Stored items -
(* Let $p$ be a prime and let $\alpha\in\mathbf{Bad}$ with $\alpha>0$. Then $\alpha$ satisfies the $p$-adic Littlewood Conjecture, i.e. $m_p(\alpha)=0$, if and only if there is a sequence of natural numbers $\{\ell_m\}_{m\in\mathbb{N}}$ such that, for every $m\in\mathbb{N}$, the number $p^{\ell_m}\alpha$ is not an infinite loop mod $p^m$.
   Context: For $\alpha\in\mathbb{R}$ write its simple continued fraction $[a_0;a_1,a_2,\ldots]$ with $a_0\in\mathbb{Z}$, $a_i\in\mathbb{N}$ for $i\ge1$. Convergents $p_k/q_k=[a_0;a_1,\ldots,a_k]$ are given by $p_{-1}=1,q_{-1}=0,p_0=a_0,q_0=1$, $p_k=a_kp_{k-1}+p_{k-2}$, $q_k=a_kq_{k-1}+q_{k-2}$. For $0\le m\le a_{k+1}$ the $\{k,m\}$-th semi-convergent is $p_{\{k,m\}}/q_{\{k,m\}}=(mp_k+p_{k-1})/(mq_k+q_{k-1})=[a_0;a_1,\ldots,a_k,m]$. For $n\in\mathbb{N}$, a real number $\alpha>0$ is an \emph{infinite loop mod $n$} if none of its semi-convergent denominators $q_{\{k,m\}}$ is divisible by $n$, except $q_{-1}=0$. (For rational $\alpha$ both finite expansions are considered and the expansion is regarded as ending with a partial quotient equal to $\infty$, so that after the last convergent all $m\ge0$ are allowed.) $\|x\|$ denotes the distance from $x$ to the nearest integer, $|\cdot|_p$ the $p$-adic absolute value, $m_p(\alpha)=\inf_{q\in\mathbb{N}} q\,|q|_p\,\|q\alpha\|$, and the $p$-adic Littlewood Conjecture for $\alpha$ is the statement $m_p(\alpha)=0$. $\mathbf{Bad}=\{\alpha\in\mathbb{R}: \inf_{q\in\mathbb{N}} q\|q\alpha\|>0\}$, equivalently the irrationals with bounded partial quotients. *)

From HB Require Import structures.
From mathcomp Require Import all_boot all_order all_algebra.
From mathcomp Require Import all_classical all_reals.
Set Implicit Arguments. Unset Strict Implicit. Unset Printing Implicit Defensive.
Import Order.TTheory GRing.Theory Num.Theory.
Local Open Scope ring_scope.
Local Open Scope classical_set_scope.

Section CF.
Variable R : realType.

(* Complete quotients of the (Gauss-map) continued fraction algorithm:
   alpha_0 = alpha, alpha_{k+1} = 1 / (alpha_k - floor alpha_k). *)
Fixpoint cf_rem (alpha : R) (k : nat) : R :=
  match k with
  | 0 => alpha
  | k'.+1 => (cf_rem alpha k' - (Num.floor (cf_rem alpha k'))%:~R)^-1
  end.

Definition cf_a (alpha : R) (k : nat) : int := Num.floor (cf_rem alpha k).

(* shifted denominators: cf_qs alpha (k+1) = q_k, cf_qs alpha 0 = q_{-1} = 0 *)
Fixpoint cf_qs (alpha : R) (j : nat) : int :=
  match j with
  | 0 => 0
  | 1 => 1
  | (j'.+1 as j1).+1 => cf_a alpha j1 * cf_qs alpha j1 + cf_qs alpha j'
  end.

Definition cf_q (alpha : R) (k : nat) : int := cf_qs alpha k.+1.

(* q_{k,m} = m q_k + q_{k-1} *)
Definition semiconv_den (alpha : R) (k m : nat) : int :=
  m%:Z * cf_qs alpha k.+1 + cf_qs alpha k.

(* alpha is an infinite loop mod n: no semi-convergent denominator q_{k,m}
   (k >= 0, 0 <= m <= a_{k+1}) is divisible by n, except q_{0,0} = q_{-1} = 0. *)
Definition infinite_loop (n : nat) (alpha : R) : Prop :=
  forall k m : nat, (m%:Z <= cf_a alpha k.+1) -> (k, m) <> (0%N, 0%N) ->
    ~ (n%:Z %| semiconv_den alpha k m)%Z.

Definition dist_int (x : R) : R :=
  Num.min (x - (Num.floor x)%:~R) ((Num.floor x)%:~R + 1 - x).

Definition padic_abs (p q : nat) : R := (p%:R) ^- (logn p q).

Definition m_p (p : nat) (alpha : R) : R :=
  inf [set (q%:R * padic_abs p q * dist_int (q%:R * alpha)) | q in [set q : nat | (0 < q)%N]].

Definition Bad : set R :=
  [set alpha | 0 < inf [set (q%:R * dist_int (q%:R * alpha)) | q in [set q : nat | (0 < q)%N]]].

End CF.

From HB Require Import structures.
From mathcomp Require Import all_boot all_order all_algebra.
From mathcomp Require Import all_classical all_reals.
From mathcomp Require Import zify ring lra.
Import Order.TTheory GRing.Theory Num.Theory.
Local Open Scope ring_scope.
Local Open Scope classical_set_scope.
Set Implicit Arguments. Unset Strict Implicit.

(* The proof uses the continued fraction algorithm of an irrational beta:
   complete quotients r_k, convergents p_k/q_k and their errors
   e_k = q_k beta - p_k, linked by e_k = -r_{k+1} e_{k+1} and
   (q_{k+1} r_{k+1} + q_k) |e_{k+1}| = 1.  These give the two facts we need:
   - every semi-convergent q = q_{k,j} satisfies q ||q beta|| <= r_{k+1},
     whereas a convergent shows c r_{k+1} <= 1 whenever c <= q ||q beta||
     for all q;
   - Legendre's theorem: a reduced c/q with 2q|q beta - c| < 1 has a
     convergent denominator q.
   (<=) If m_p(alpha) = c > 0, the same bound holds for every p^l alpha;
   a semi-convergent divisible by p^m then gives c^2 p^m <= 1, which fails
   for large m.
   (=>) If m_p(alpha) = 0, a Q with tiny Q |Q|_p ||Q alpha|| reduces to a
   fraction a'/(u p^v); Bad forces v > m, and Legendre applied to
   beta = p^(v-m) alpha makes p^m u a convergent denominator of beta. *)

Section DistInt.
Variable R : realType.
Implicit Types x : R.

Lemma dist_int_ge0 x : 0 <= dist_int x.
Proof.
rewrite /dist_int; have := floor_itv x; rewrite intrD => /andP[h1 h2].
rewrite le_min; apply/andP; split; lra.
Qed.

...

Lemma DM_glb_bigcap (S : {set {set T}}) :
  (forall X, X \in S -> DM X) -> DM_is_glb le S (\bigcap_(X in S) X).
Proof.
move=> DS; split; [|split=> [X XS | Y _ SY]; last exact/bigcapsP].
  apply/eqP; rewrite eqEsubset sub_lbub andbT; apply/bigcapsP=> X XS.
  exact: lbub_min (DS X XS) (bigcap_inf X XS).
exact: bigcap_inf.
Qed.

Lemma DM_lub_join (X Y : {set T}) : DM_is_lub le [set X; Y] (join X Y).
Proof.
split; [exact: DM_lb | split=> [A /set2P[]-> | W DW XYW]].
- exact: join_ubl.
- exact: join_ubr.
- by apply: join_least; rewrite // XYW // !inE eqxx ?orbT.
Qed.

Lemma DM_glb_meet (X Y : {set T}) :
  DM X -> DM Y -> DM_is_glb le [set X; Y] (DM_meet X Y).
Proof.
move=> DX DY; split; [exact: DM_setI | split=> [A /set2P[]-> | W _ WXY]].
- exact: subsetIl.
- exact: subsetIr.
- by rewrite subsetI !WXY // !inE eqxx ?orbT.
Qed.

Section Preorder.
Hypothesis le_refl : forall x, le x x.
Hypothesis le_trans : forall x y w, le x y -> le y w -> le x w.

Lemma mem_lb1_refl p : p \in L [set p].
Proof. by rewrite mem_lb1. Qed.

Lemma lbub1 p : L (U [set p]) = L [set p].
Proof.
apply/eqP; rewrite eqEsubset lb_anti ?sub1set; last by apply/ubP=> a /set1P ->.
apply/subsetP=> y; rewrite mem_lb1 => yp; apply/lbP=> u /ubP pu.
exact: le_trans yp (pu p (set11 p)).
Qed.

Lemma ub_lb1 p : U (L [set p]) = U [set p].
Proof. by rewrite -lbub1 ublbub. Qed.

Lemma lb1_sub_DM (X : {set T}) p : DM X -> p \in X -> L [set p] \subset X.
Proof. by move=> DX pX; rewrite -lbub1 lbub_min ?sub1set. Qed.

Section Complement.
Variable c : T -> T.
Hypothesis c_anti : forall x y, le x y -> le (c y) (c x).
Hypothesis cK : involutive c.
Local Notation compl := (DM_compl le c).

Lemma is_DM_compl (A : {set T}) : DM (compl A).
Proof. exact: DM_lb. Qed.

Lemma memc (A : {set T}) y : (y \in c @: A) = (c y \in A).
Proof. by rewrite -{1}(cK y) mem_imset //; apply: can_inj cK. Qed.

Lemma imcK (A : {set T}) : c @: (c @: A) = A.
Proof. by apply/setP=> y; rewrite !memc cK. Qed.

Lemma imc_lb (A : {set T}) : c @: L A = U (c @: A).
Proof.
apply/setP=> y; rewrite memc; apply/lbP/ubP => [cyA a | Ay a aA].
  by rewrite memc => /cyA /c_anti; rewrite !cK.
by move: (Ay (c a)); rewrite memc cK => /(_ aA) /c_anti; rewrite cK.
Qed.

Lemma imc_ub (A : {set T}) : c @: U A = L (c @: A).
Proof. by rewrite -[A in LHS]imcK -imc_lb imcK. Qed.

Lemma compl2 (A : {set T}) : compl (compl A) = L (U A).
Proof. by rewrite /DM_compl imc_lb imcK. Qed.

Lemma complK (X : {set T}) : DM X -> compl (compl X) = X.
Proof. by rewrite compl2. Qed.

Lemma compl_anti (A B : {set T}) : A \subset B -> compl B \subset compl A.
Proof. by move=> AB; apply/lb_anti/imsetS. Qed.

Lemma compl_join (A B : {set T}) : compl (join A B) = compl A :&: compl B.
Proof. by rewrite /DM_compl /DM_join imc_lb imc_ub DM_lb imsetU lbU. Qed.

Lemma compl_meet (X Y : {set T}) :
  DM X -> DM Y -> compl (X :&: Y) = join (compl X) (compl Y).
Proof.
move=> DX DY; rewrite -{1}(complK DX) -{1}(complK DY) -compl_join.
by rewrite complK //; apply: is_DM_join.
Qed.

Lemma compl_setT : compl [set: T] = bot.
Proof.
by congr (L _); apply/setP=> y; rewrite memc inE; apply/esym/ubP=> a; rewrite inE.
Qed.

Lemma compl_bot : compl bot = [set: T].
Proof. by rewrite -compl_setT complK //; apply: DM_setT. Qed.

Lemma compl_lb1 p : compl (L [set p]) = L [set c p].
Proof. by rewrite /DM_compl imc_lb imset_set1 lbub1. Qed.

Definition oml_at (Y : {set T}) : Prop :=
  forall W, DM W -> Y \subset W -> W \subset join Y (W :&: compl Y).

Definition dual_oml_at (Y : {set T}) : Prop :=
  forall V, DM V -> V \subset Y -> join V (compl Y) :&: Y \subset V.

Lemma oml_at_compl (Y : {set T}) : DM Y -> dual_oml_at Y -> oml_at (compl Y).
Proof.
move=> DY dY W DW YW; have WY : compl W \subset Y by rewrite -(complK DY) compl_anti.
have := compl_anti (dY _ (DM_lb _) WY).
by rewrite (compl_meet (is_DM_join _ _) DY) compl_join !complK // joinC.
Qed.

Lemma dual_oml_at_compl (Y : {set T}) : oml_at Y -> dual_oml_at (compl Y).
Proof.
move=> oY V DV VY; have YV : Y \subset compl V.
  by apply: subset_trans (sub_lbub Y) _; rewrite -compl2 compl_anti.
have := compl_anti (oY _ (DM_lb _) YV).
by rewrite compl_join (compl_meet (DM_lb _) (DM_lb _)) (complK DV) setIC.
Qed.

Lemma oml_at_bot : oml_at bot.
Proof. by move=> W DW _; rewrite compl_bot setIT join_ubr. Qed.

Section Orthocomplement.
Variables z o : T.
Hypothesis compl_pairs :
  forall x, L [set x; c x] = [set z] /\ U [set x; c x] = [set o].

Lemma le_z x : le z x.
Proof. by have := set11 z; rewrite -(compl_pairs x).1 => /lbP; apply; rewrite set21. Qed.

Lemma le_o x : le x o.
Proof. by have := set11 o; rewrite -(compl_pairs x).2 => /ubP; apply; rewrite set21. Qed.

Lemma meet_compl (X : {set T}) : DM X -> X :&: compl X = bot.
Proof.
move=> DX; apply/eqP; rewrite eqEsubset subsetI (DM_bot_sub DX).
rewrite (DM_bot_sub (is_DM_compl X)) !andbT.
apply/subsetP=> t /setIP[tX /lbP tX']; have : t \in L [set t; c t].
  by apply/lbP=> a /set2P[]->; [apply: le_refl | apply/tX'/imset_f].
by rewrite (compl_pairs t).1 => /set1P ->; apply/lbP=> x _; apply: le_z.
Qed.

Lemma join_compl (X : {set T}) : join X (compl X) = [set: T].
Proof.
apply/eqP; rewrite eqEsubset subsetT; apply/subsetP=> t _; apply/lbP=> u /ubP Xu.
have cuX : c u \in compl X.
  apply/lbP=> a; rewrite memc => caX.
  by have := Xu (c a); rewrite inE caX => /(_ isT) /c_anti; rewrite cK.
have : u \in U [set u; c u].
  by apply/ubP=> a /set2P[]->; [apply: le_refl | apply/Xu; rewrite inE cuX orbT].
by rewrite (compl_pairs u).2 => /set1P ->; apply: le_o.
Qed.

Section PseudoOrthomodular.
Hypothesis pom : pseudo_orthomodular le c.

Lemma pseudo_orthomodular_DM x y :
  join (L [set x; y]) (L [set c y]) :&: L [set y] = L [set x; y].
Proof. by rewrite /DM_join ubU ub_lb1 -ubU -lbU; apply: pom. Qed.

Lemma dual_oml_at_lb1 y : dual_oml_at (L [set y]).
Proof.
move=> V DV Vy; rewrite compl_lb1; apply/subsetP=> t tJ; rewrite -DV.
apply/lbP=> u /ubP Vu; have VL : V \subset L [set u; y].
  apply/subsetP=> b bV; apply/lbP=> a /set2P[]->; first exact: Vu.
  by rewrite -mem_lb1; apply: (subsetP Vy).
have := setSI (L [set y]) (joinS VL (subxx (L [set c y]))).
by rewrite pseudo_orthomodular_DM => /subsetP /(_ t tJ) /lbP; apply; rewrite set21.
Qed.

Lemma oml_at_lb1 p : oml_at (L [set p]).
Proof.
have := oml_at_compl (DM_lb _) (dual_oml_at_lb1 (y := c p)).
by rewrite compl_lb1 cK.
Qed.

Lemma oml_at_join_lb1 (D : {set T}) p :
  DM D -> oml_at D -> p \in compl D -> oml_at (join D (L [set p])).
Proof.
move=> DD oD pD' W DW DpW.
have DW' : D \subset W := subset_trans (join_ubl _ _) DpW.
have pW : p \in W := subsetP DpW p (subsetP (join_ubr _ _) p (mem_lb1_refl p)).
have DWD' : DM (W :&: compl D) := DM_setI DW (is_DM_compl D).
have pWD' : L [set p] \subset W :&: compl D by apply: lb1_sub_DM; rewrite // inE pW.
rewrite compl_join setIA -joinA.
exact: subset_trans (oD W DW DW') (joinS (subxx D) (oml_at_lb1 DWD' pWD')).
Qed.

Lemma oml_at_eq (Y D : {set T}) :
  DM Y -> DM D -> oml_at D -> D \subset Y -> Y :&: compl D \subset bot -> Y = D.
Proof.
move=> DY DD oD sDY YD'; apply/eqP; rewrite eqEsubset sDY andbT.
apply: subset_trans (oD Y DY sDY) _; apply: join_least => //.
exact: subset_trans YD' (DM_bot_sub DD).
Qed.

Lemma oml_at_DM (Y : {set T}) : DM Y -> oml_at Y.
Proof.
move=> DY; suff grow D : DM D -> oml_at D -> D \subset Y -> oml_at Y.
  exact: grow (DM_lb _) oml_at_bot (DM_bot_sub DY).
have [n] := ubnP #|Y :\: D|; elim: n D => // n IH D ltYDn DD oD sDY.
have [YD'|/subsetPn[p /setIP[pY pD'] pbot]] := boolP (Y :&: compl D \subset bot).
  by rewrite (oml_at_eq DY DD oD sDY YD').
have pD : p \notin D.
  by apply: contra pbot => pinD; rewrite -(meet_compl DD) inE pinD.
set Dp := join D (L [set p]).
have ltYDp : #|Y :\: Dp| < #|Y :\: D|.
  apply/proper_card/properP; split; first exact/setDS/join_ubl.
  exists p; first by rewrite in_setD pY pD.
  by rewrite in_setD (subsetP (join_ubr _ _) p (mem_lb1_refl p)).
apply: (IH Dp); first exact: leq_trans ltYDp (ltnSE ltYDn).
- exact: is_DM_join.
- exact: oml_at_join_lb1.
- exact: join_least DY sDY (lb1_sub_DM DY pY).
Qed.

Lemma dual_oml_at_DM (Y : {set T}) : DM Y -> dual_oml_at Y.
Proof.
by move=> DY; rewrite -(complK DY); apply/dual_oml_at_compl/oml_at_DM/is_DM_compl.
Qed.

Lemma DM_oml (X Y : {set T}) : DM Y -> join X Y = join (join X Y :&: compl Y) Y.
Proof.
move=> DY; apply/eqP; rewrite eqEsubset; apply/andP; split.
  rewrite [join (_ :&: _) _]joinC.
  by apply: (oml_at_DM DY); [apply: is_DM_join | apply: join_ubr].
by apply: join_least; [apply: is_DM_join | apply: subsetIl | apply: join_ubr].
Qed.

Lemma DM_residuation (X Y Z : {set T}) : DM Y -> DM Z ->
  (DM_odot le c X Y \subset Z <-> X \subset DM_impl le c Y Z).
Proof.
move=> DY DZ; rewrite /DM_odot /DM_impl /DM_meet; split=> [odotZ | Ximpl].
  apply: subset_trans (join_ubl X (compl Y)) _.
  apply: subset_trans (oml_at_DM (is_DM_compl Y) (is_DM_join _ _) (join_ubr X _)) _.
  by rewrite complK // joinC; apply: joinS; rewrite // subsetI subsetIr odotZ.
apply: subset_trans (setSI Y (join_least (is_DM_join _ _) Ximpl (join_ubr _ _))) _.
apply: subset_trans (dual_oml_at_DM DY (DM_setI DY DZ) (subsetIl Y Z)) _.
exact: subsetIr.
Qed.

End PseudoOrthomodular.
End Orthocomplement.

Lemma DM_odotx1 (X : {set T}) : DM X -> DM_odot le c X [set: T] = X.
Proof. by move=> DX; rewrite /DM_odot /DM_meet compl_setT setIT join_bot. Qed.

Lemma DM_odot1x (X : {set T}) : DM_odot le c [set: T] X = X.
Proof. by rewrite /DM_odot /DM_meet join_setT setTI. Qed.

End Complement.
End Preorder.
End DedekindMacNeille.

Task item -
The answer must be a single number: the count of lines in the data that include the word "Hypothesis".

Answer space -
6